:: Exercise materials ::

(* Let $U$ be a finite set of men and $W_1\subseteq W_2$ finite sets of women with $|W_1|\le|W_2|=|U|$, each man having a strict total order over $W_2$ and each woman a strict total order over $U$. Let $M_1'$ be a stable matching of $(U,W_1)$ and $M_2$ a stable matching of $(U,W_2)$. Define $M_2'$ as the union of: the pairs of $M_1'\cap M_2$; for each path component of $G(M_1',M_2)$, its edges belonging to $M_2$; for each cycle of $G(M_1',M_2)$ of Type I, its edges belonging to $M_2$; for each cycle of $G(M_1',M_2)$ of Type II, its edges belonging to $M_1'$. Then $M_2'$ is a perfect matching between $U$ and $W_2$ and it is stable for the instance $(U,W_2)$.
   Context: A matching is a set of man–woman pairs with each person in at most one pair; a blocking pair of $M$ is a pair $(u,w)\notin M$ with ($u$ unmatched or preferring $w$ to his partner) and ($w$ unmatched or preferring $u$ to her partner); a matching is stable if it has no blocking pair. Preferences in a sub-instance are restrictions of the given ones. The difference graph $G(M,M')$ has vertex set $U\cup W_2$ and edge set $M\triangle M'$. A cycle $C$ of $G(M_1',M_2)$ is of Type I if every man in $C$ strictly prefers his partner in $M_2$ to his partner in $M_1'$ and every woman in $C$ strictly prefers her partner in $M_1'$ to her partner in $M_2$; it is of Type II if every man in $C$ strictly prefers his partner in $M_1'$ to his partner in $M_2$ and every woman in $C$ strictly prefers her partner in $M_2$ to her partner in $M_1'$ (every cycle is of one of these types). *)

From mathcomp Require Import all_boot all_order.
Set Implicit Arguments. Unset Strict Implicit. Unset Printing Implicit Defensive.

(* Men are the elements of a finType U, women the elements of a finType W
   (W plays the role of W_2); W_1 is a subset of W. *)

Definition strict_total_order (T : eqType) (r : rel T) : Prop :=
  irreflexive r /\ transitive r /\ (forall x y, x != y -> r x y || r y x).

Section SM.
Variables (U W : finType).
(* pU u w w' : man u strictly prefers w to w';
   pW w u u' : woman w strictly prefers u to u'. *)
Variables (pU : U -> rel W) (pW : W -> rel U).

Definition is_matching (M : {set U * W}) : Prop :=
  forall p q, p \in M -> q \in M -> (p.1 = q.1 \/ p.2 = q.2) -> p = q.

Definition matching_of (W' : {set W}) (M : {set U * W}) : Prop :=
  is_matching M /\ (forall p, p \in M -> p.2 \in W').

Definition blocking (M : {set U * W}) (u : U) (w : W) : Prop :=
  (u, w) \notin M /\
  (forall w', (u, w') \in M -> pU u w w') /\
  (forall u', (u', w) \in M -> pW w u u').

Definition stable_in (W' : {set W}) (M : {set U * W}) : Prop :=
  matching_of W' M /\ (forall u w, w \in W' -> ~ blocking M u w).

Definition perfect_matching (M : {set U * W}) : Prop :=
  is_matching M /\ (forall u, exists w, (u, w) \in M)
                /\ (forall w, exists u, (u, w) \in M).

Definition dadj (M M' : {set U * W}) : rel (U + W) :=
  fun x y => match x, y with
  | inl u, inr w => (u, w) \in (M :|: M') :\: (M :&: M')
  | inr w, inl u => (u, w) \in (M :|: M') :\: (M :&: M')
  | _, _ => false
  end.

Definition ddeg (M M' : {set U * W}) (x : U + W) : nat := #|dadj M M' x|.

(* the connected component of v in G(M,M') is a cycle
   (G has maximum degree 2, so this means every vertex of it has degree 2) *)
Definition comp_cycle (M M' : {set U * W}) (v : U + W) : bool :=
  [forall x, connect (dadj M M') v x ==> (ddeg M M' x == 2)].

Definition typeI (M1 M2 : {set U * W}) (v : U + W) : bool :=
  [forall u, connect (dadj M1 M2) v (inl u) ==>
     [forall w1, [forall w2, ((u, w1) \in M1) && ((u, w2) \in M2) ==> pU u w2 w1]]]
  && [forall w, connect (dadj M1 M2) v (inr w) ==>
     [forall u1, [forall u2, ((u1, w) \in M1) && ((u2, w) \in M2) ==> pW w u1 u2]]].

Definition typeII (M1 M2 : {set U * W}) (v : U + W) : bool :=
  [forall u, connect (dadj M1 M2) v (inl u) ==>
     [forall w1, [forall w2, ((u, w1) \in M1) && ((u, w2) \in M2) ==> pU u w1 w2]]]
  && [forall w, connect (dadj M1 M2) v (inr w) ==>
     [forall u1, [forall u2, ((u1, w) \in M1) && ((u2, w) \in M2) ==> pW w u2 u1]]].

(* M2' built from M1' (here M1) and M2; the component of an edge (u,w) of
   G(M1,M2) is the component of the vertex inl u. *)
Definition M2prime (M1 M2 : {set U * W}) : {set U * W} :=
  [set p | (p \in M1 :&: M2)
        || ((p \in M2 :\: M1) &&
              (~~ comp_cycle M1 M2 (inl p.1) || typeI M1 M2 (inl p.1)))
        || ((p \in M1 :\: M2) &&
              comp_cycle M1 M2 (inl p.1) && typeII M1 M2 (inl p.1))].

End SM.

From mathcomp Require Import all_boot all_order.
Set Implicit Arguments. Unset Strict Implicit. Unset Printing Implicit Defensive.

(* Since |W2| = |U|, the stable matching M2 is perfect.  Call a man M1-preferring
   if he strictly prefers his M1'-partner w to his M2-partner.  Stability of M2
   makes the M2-partner y of w preferred by w, and stability of M1' then makes y
   M1-preferring as well; by counting, every M1-preferring man arises this way.
   So the M1-preferring men and their M1'-partners form whole components of
   G(M1',M2) in which every vertex has degree 2: cycles of Type II.  A cycle
   without M1-preferring men is of Type I, again by stability of M1'.  Hence M2'
   takes the M1'-edges exactly around the M1-preferring men and the M2-edges
   elsewhere; these two parts never share a vertex, so M2' is a perfect matching.
   Finally a blocking pair (u,w) of M2' makes u prefer w to his M2-partner, so
   by stability of M2 the woman w is not with her M2-partner in M2', hence with
   her M1'-partner, and stability of M1' makes u M1-preferring with w below his
   M1'-partner, which is his M2'-partner. *)

Section StrictTotalOrder.
Variables (T : eqType) (r : rel T).
Hypothesis r_sto : strict_total_order r.

Lemma sto_irr x : r x x = false.
Proof. by case: r_sto => irr _; apply: irr. Qed.

Lemma sto_trans x y z : r x y -> r y z -> r x z.
Proof. by case: r_sto => _ [tr _]; apply: tr. Qed.

Lemma sto_asym x y : r x y -> r y x = false.
Proof. by move=> rxy; apply/negP => /(sto_trans rxy); rewrite sto_irr. Qed.

Lemma sto_total x y : x != y -> ~~ r x y -> r y x.
Proof. by case: r_sto => _ [_ tot] /tot; case: (r x y). Qed.

End StrictTotalOrder.

Section Matchings.
Variables U W : finType.
Implicit Types (M : {set U * W}) (u : U) (w : W).

Lemma matching_eq_snd M : is_matching M ->
  forall u w w', (u, w) \in M -> (u, w') \in M -> w = w'.
Proof. by move=> hM u w w' h h'; case: (hM _ _ h h' (or_introl erefl)). Qed.

Lemma matching_eq_fst M : is_matching M ->
  forall u u' w, (u, w) \in M -> (u', w) \in M -> u = u'.
Proof. by move=> hM u u' w h h'; case: (hM _ _ h h' (or_intror erefl)). Qed.

Lemma matching_subset M M' : M' \subset M -> is_matching M -> is_matching M'.
Proof. by move=> /subsetP sub hM p q /sub hp /sub hq; apply: hM. Qed.

Lemma card_matching_fst M : is_matching M -> #|[set p.1 | p in M]| = #|M|.
Proof. by move=> hM; apply: card_in_imset => p q hp hq e; apply: hM => //; left. Qed.

Lemma card_matching_snd M : is_matching M -> #|[set p.2 | p in M]| = #|M|.
Proof. by move=> hM; apply: card_in_imset => p q hp hq e; apply: hM => //; right. Qed.

Lemma matched_fstP M u : reflect (exists w, (u, w) \in M) (u \in [set p.1 | p in M]).
Proof.
apply: (iffP imsetP) => [[p hp ->]|[w hw]]; last by exists (u, w).
by exists p.2; rewrite -surjective_pairing.
Qed.

Lemma matched_sndP M w : reflect (exists u, (u, w) \in M) (w \in [set p.2 | p in M]).
Proof.
apply: (iffP imsetP) => [[p hp ->]|[u hu]]; last by exists (u, w).
by exists p.1; rewrite -surjective_pairing.
Qed.

Lemma matching_perfect M : is_matching M -> #|W| = #|U| ->
  (forall u, exists w, (u, w) \in M) -> perfect_matching M.
Proof.
move=> hM hWU men; do 2![split => //] => w; apply/matched_sndP.
suff -> : [set p.2 | p in M] = [set: W] by rewrite inE.
apply/eqP; rewrite eqEcard subsetT cardsT card_matching_snd // hWU.
rewrite -(card_matching_fst hM) -cardsT subset_leq_card //.
by apply/subsetP => u _; apply/matched_fstP.
Qed.

Lemma dadj_manE M M' u w : dadj M M' (inl u) (inr w) =
  ((u, w) \in M) && ((u, w) \notin M') || ((u, w) \in M') && ((u, w) \notin M).
Proof. by rewrite /= !inE; case: ((u, w) \in M); case: ((u, w) \in M'). Qed.

Lemma dadj_womanE M M' u w : dadj M M' (inr w) (inl u) = dadj M M' (inl u) (inr w).
Proof. by []. Qed.

Lemma dadj_sym M M' : symmetric (dadj M M').
Proof. by case=> [u|w] [u'|w']. Qed.

Section DifferenceGraphDegrees.
Variables M M' : {set U * W}.
Hypotheses (hM : is_matching M) (hM' : is_matching M').

Lemma ddeg_man2 u w w' : (u, w) \in M -> (u, w') \in M' -> w != w' ->
  ddeg M M' (inl u) = 2.
Proof.
move=> h h' ww'.
rewrite /ddeg (@eq_card _ _ [set inr w; inr w']) ?cards2 ?(inj_eq inr_inj) ?ww' //.
case=> [u'|v]; rewrite !inE //= -[_ \in _]/(dadj M M' (inl u) (inr v)) dadj_manE.
apply/idP/idP => [/orP[/andP[hv _]|/andP[hv _]]|/orP[]/eqP[->]].
- by rewrite (matching_eq_snd hM h hv) eqxx.
- by rewrite (matching_eq_snd hM' h' hv) eqxx orbT.
- suff hn : (u, w) \notin M' by rewrite h hn.
  by apply/negP => /(matching_eq_snd hM' h') eww'; rewrite eww' eqxx in ww'.
- suff hn : (u, w') \notin M by rewrite h' hn orbT.
  by apply/negP => /(matching_eq_snd hM h) eww'; rewrite eww' eqxx in ww'.
Qed.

:::

• [Work to complete] Copy out the range of lines above starting at the line with "matching_of W' M" and ending at the line with "Definition M2prime (M1", exactly and including both.

• [Answer section]
  matching_of W' M /\ (forall u w, w \in W' -> ~ blocking M u w).

Definition perfect_matching (M : {set U * W}) : Prop :=
  is_matching M /\ (forall u, exists w, (u, w) \in M)
                /\ (forall w, exists u, (u, w) \in M).

Definition dadj (M M' : {set U * W}) : rel (U + W) :=
  fun x y => match x, y with
  | inl u, inr w => (u, w) \in (M :|: M') :\: (M :&: M')
  | inr w, inl u => (u, w) \in (M :|: M') :\: (M :&: M')
  | _, _ => false
  end.

Definition ddeg (M M' : {set U * W}) (x : U + W) : nat := #|dadj M M' x|.

(* the connected component of v in G(M,M') is a cycle
   (G has maximum degree 2, so this means every vertex of it has degree 2) *)
Definition comp_cycle (M M' : {set U * W}) (v : U + W) : bool :=
  [forall x, connect (dadj M M') v x ==> (ddeg M M' x == 2)].

Definition typeI (M1 M2 : {set U * W}) (v : U + W) : bool :=
  [forall u, connect (dadj M1 M2) v (inl u) ==>
     [forall w1, [forall w2, ((u, w1) \in M1) && ((u, w2) \in M2) ==> pU u w2 w1]]]
  && [forall w, connect (dadj M1 M2) v (inr w) ==>
     [forall u1, [forall u2, ((u1, w) \in M1) && ((u2, w) \in M2) ==> pW w u1 u2]]].

Definition typeII (M1 M2 : {set U * W}) (v : U + W) : bool :=
  [forall u, connect (dadj M1 M2) v (inl u) ==>
     [forall w1, [forall w2, ((u, w1) \in M1) && ((u, w2) \in M2) ==> pU u w1 w2]]]
  && [forall w, connect (dadj M1 M2) v (inr w) ==>
     [forall u1, [forall u2, ((u1, w) \in M1) && ((u2, w) \in M2) ==> pW w u2 u1]]].

(* M2' built from M1' (here M1) and M2; the component of an edge (u,w) of
   G(M1,M2) is the component of the vertex inl u. *)
Definition M2prime (M1 M2 : {set U * W}) : {set U * W} :=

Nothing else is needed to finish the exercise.